The upper link 162 and the lower link 164 each included front and rear sleeves 172 and 174 which have a central shaft opening 176 therein. A central shaft 177 is secured in the rear sleeve 174 by a quick disconnect pin 178 located in aligned apertures therein. Another central shaft 179 is secured in the opposite end of rear sleeve 174 by a pin 180. A radial key 186 is secured to the front end 183 of shaft 179. A shaft 181 is secured to front sleeve 172 by pin 182. A free end 183 of shaft 179 slides telescopically in central shaft opening 176. The key 186 secured to the free end 183 of shaft 179 rides in a slot 188 in the front sleeve 172 whereby the upper and lower links 162 and 164 may become elongated along their respective generally horizontal link axes 190 and 192. The front and rear sleeves 172 and 174 have corresponding opposing faces 194 and 196 which are in spaced apart relation as illustrated. A spring 198 is sleeved on the central shaft 179 and engages the faces 194 and 196. In the arrangement illustrated, the spring 198 is under compression and is biased to cause front and rear sleeves 172, 174 to move apart as illustrated. If desired, a tension spring could be employed to bias the sleeves 172 and 174 into compression. The length of the slot 188 determines the overall throw or change in length of the links 162 and 164.

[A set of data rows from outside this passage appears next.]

Lemma embmx_comm (D : 'M[F]_n) (D' : 'M[F]_N) :
  (forall a b, D' (iota a) (iota b) = D a b) -> (forall a, D' (iota a) q = 0) ->
  embmx *m D' = D *m embmx.
Proof.
move=> D'D D'q; apply/matrixP => a b; rewrite !mxE (bigD1 (iota a)) //= big1 ?addr0;
  last by move=> c nc; rewrite !mxE eq_sym (negbTE nc) mul0r.
rewrite !mxE eqxx mul1r; have [->|/iota_onto[c <-]] := eqVneq b q.
  by rewrite D'q big1 // => c _; rewrite !mxE (negbTE (iota_neq c)) mulr0.
rewrite D'D (bigD1 c) //= big1 ?addr0 ?mxE ?eqxx ?mulr1 // => d ndc.
by rewrite !mxE (inj_eq iota_inj) (negbTE ndc) mulr0.
Qed.

Lemma kermx_mulmx_embmx (D : 'M[F]_n) (D' : 'M[F]_N) :
  embmx *m D' = D *m embmx -> (kermx D *m embmx :=: kermx D' :&: embmx)%MS.
Proof.
move=> ED; apply: eqmx_subrV => u; rewrite sub_capmx sub_mulmx_embmx !sub_kermx andbC.
case uE: (u <= embmx)%MS; rewrite ?andbF ?andbT //; move/submxP: uE => [x ->].
by rewrite embmxK -mulmxA ED mulmxA (mulmx_free_eq0 _ row_free_embmx).
Qed.

Lemma coordmx_embmx (c : pred 'I_n) (c' : pred 'I_N) :
  (forall a, c' (iota a) = c a) ->
  (coordmx F c *m embmx :=: coordmx F c' :&: embmx)%MS.
Proof.
move=> cc'; apply: eqmx_subrV => u; rewrite sub_mulmx_embmx sub_capmx andbC sub_embmx.
rewrite !sub_coordmx; case uq: (u 0 q == 0); rewrite ?andbT ?andbF //.
apply/forallP/forallP => u_c b.
  apply/implyP => nc'b; have [->|/iota_onto[a ab]] := eqVneq b q; first by rewrite uq.
  by move: (u_c a); rewrite trembmx_iota -cc' ab nc'b.
by rewrite trembmx_iota -cc'; apply: u_c.
Qed.

Lemma coordmx_capmx_embmx (c : pred 'I_N) :
  (coordmx F (fun b => c b && (b != q)) :=: coordmx F c :&: embmx)%MS.
Proof.
apply: eqmx_subrV => u; rewrite sub_capmx sub_embmx !sub_coordmx.
apply/forallP/andP => [u_c|[/forallP u_c /eqP uq] b].
  split; last by move: (u_c q); rewrite eqxx andbF.
  by apply/forallP => b; apply/implyP => ncb; move: (u_c b); rewrite (negbTE ncb).
apply/implyP; have [->|nbq] := eqVneq b q; first by rewrite uq.
by rewrite andbT; apply/implyP: (u_c b).
Qed.

End Embedding.

Section Ranks.
Variables (F : fieldType) (N : nat).

Lemma mxrank_adds_submod m1 m2 m3 (X : 'M[F]_(m1, N)) (Y : 'M[F]_(m2, N))
    (W : 'M[F]_(m3, N)) :
  (X <= Y)%MS -> (\rank (Y + W) + \rank X <= \rank (X + W) + \rank Y)%N.
Proof.
move=> sXY; have := mxrank_sum_cap Y (X + W)%MS.
have -> : (Y + (X + W) :=: Y + W)%MS.
  apply/eqmxP; rewrite !addsmx_sub addsmxSl addsmxSr (submx_trans sXY) ?addsmxSl //=.
  by rewrite (submx_trans (addsmxSr X W)) ?addsmxSr.
rewrite (addnC (\rank (X + W))) => <-; rewrite leq_add2l mxrankS //.
by rewrite sub_capmx sXY addsmxSl.
Qed.

Lemma mxrank_adds_capmx m1 m2 m3 m4 (X : 'M[F]_(m1, N)) (Y : 'M[F]_(m2, N))
    (E : 'M[F]_(m3, N)) (B : 'M[F]_(m4, N)) :
  (X :=: Y :&: E)%MS -> (B <= E)%MS ->
  (\rank (Y + B) + \rank X = \rank (X + B) + \rank Y)%N.
Proof.
move=> defX sBE; have XB_YB : (X :&: B :=: Y :&: B)%MS.
  apply/eqmxP/andP; split; first by rewrite capmxS // defX capmxSl.
  by rewrite sub_capmx capmxSr defX sub_capmx capmxSl (submx_trans (capmxSr _ _) sBE).
have := mxrank_sum_cap Y B; have := mxrank_sum_cap X B; rewrite XB_YB; lia.
Qed.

The lockup mechanism 72, referred to above and shown in FIG. 3, includes a collar 200 which is adapted to be secured to the upper link 162. The collar 200 has upwardly extending ears 202 which are adapted to be secured to a threaded rod 204 by means of a pin 206 passing through aligned apertures in the ears 202 and the rod 204. The threaded rod 204 is attached to the forward extension arm 70 of the upper hitch plate 50 by means of a sleeve 210. The sleeve 210 has an apertured ear 212 which is secured to the forward extension arm 70 by means of a pin 214 passing through aligned apertures. A locking nut 218 secures the threaded rod 204 in the sleeve 210. An adjustment nut 220 is adapted to allow adjustment between the extension arm 70 and the upper link 162 through the rod 204. The forward extension arm 70 has a aperture 222 near a proximal end thereof as illustrated. When the pin 214 is removed from the extension arm 70, the threaded rod 204 may be rotated about the pin 206 and the mechanism 72 may be secured to the link 162. In on road use, the lockup mechanism 72 is secured to the extension arm 70 and is employed to lift the front of the plow assembly 14 and skid 78 off the ground 97. A pin, located in aperture 222, is removed and inserted in aperture 501 locking the extension arm 70 and rod 55 thus preventing the plow assembly 14 from rotating about axis 64.

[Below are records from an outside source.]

(* Let $q$ be a prime power, $n=q^4-1$, and let $I_x$ be a cyclotomic coset of cardinality $2$ with minimal representative $x$. Then $I_x$ is an SR-asymmetric coset if and only if there exists $z\in I_x$ such that $n-qz<x$ (where $n-qz$ is reduced modulo $n$ into $\{0,\ldots,n-1\}$).
   Context: Identify $\mathbb{Z}_n$ with $\{0,\ldots,n-1\}$, all arithmetic modulo $n$. The cyclotomic coset of $x$ with respect to $q^2$ is $I_x=\{x,\,q^2x\bmod n\}$; its minimal representative is its least element. The (Hermitian) reciprocal coset of $I_x$ is $I_{n-qx}$. $I_x$ is symmetric if $I_{n-qx}=I_x$ and asymmetric otherwise. If $I_x$ is asymmetric with reciprocal coset $I_y$, with $x,y$ the minimal representatives and $x<y$, then $I_x$ is the FR-asymmetric coset and $I_y$ the SR-asymmetric coset of the pair. *)

(* arithmetic on nat, elements of Z_n identified with {0,...,n-1}. *)
From mathcomp Require Import all_boot.
Set Implicit Arguments. Unset Strict Implicit. Unset Printing Implicit Defensive.

Definition coset (n q x : nat) : seq nat := undup [:: x %% n; (q ^ 2 * x) %% n].

Definition minrep (n q x : nat) : nat := minn (x %% n) ((q ^ 2 * x) %% n).

Definition recip (n q x : nat) : nat := (n - (q * x) %% n) %% n.

Definition symmetric_coset (n q x : nat) : Prop :=
  coset n q (recip n q x) =i coset n q x.

Definition asymmetric_coset (n q x : nat) : Prop := ~ symmetric_coset n q x.

Definition SR_asymmetric (n q x : nat) : Prop :=
  asymmetric_coset n q x /\ minrep n q (recip n q x) < minrep n q x.

(* The equivalence holds for every modulus n > 0 and every q.  Reciprocation z |-> n - qz commutes
   with multiplication by q^2, so it maps I_x onto its reciprocal coset I_y.
   Hence some z in I_x has n - qz < x iff min I_y < x.  Finally min I_y < x =
   min I_x already forces I_y <> I_x, i.e. asymmetry. *)
From mathcomp Require Import all_boot.

Lemma mem_coset n q x z :
  z \in coset n q x = (z == x %% n) || (z == (q ^ 2 * x) %% n).
Proof. by rewrite /coset mem_undup !inE. Qed.

Lemma minrep_coset n q x : minrep n q x \in coset n q x.
Proof. by rewrite mem_coset /minrep /minn; case: ifP; rewrite eqxx ?orbT. Qed.

Lemma minrep_min n q x z : z \in coset n q x -> minrep n q x <= z.
Proof. by rewrite mem_coset => /orP[] /eqP ->; [exact: geq_minl | exact: geq_minr]. Qed.

Lemma recip_lt n q z : 0 < n -> recip n q z < n.
Proof. by move=> n0; rewrite /recip ltn_pmod. Qed.

Lemma recip_modn n q z : recip n q (z %% n) = recip n q z.
Proof. by rewrite /recip modnMmr. Qed.

Lemma recipDmul_mod0 n q z : 0 < n -> (recip n q z + q * z) %% n = 0.
Proof.
move=> n0; rewrite /recip modnDml -modnDmr subnK ?modnn //.
by rewrite ltnW ?ltn_pmod.
Qed.

Lemma recip_unique n q z r : 0 < n -> r < n -> (r + q * z) %% n = 0 ->
  recip n q z = r.
Proof.
move=> n0 rn h; apply/eqP.
have : recip n q z + q * z == r + q * z %[mod n] by rewrite h recipDmul_mod0.
by rewrite eqn_modDr !modn_small ?recip_lt.
Qed.

Lemma recip_mulq2 n q z : 0 < n ->
  recip n q ((q ^ 2 * z) %% n) = (q ^ 2 * recip n q z) %% n.
Proof.
move=> n0; apply: recip_unique; rewrite ?ltn_pmod //.
rewrite modnDml -modnDmr modnMmr modnDmr mulnCA -mulnDr.
by rewrite -modnMmr recipDmul_mod0 // muln0 mod0n.
Qed.

Lemma coset_recip n q x : 0 < n ->
  coset n q (recip n q x) =i map (recip n q) (coset n q x).
Proof.
move=> n0 w; rewrite (eq_mem_map (recip n q) (mem_undup _)) mem_coset /= !inE.
by rewrite recip_modn recip_mulq2 // modn_small ?recip_lt.
Qed.

Lemma recip_coset_ltP n q x m : 0 < n ->
  (exists z, z \in coset n q x /\ recip n q z < m) <->
  minrep n q (recip n q x) < m.
Proof.
move=> n0; split=> [[z [zx lt_zm]] | lt_m].
  by apply: leq_ltn_trans lt_zm; apply: minrep_min; rewrite coset_recip ?map_f.
have := minrep_coset n q (recip n q x).
by rewrite coset_recip // => /mapP [z zx e]; exists z; rewrite -e.
Qed.

Lemma SR_asymmetricE n q x :
  SR_asymmetric n q x <-> minrep n q (recip n q x) < minrep n q x.
Proof.
split=> [[] // | lt_min]; split=> // sym.
have /minrep_min : minrep n q (recip n q x) \in coset n q x.
  by rewrite -sym minrep_coset.
by rewrite leqNgt lt_min.
Qed.

Theorem mainTheorem10 (p k q : nat) :
  prime p -> 0 < k -> q = p ^ k ->
  forall x : nat, x < q ^ 4 - 1 ->
    size (coset (q ^ 4 - 1) q x) = 2 ->
    minrep (q ^ 4 - 1) q x = x ->
    (SR_asymmetric (q ^ 4 - 1) q x <->
     exists z, z \in coset (q ^ 4 - 1) q x /\ recip (q ^ 4 - 1) q z < x).
Proof.
move=> _ _ _ x x_lt_n _ x_min.
have n_gt0 : 0 < q ^ 4 - 1 by apply: leq_ltn_trans x_lt_n.
apply: iff_trans (SR_asymmetricE _ _ _) _; rewrite x_min.
by apply: iff_sym; apply: recip_coset_ltP.
Qed.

Referring again to FIGS. 1-2 and 5A-5C, the plow assembly 14 further includes a pair of removable rear skids 230 which are adapted to be secured on the axles 36 interchangeably with the wheels 38. When off road use is desired, the plow 14 may be jacked up off the ground and the rear skids 230 may be installed on the axles 36 after removal of the wheels 38.

In order to facilitate jacking the plow 14, a pair of retractable jack stands 232 are secured to a jack stand hub or shaft 234 mounted to the plow undercarriage 34 frame by brackets 235 which also carry the axles 36 for the wheels and skids. Jack stands 232 have a pivotable sleeve bearing 236 mounted on the jack stand hub 234 opposite the axle 36 and a pair of radial arms 238 which extend from the bearing 236. An engaging plate 240 joins the free ends of the arms 238 together. The jack stands 232 are rotatable from a storage position in which the engaging plate 240 is retracted to an upwardly facing position shown in solid lines to a lower ground engaging position illustrated in phantom lines (FIG. 2). The jack stands 232 are secured in the storage position by means of a removable locking pin 242 which passes through aligned apertures in the jack stand hub 234 and sleeve bearing 236. When it is desired to raise the plow 14 in order to install the wheels 38 or the rear skids 230, the storage pin 242 is removed and the jack stands 231 are rotated to the ground engaging position while the plow is lifted. The locking pin 242 may be then reinstalled for stability while the wheels 38 and skids 230 ar interchanged. Upon completion of the installation, the jack stands 232 may be returned to the storage position as illustrated.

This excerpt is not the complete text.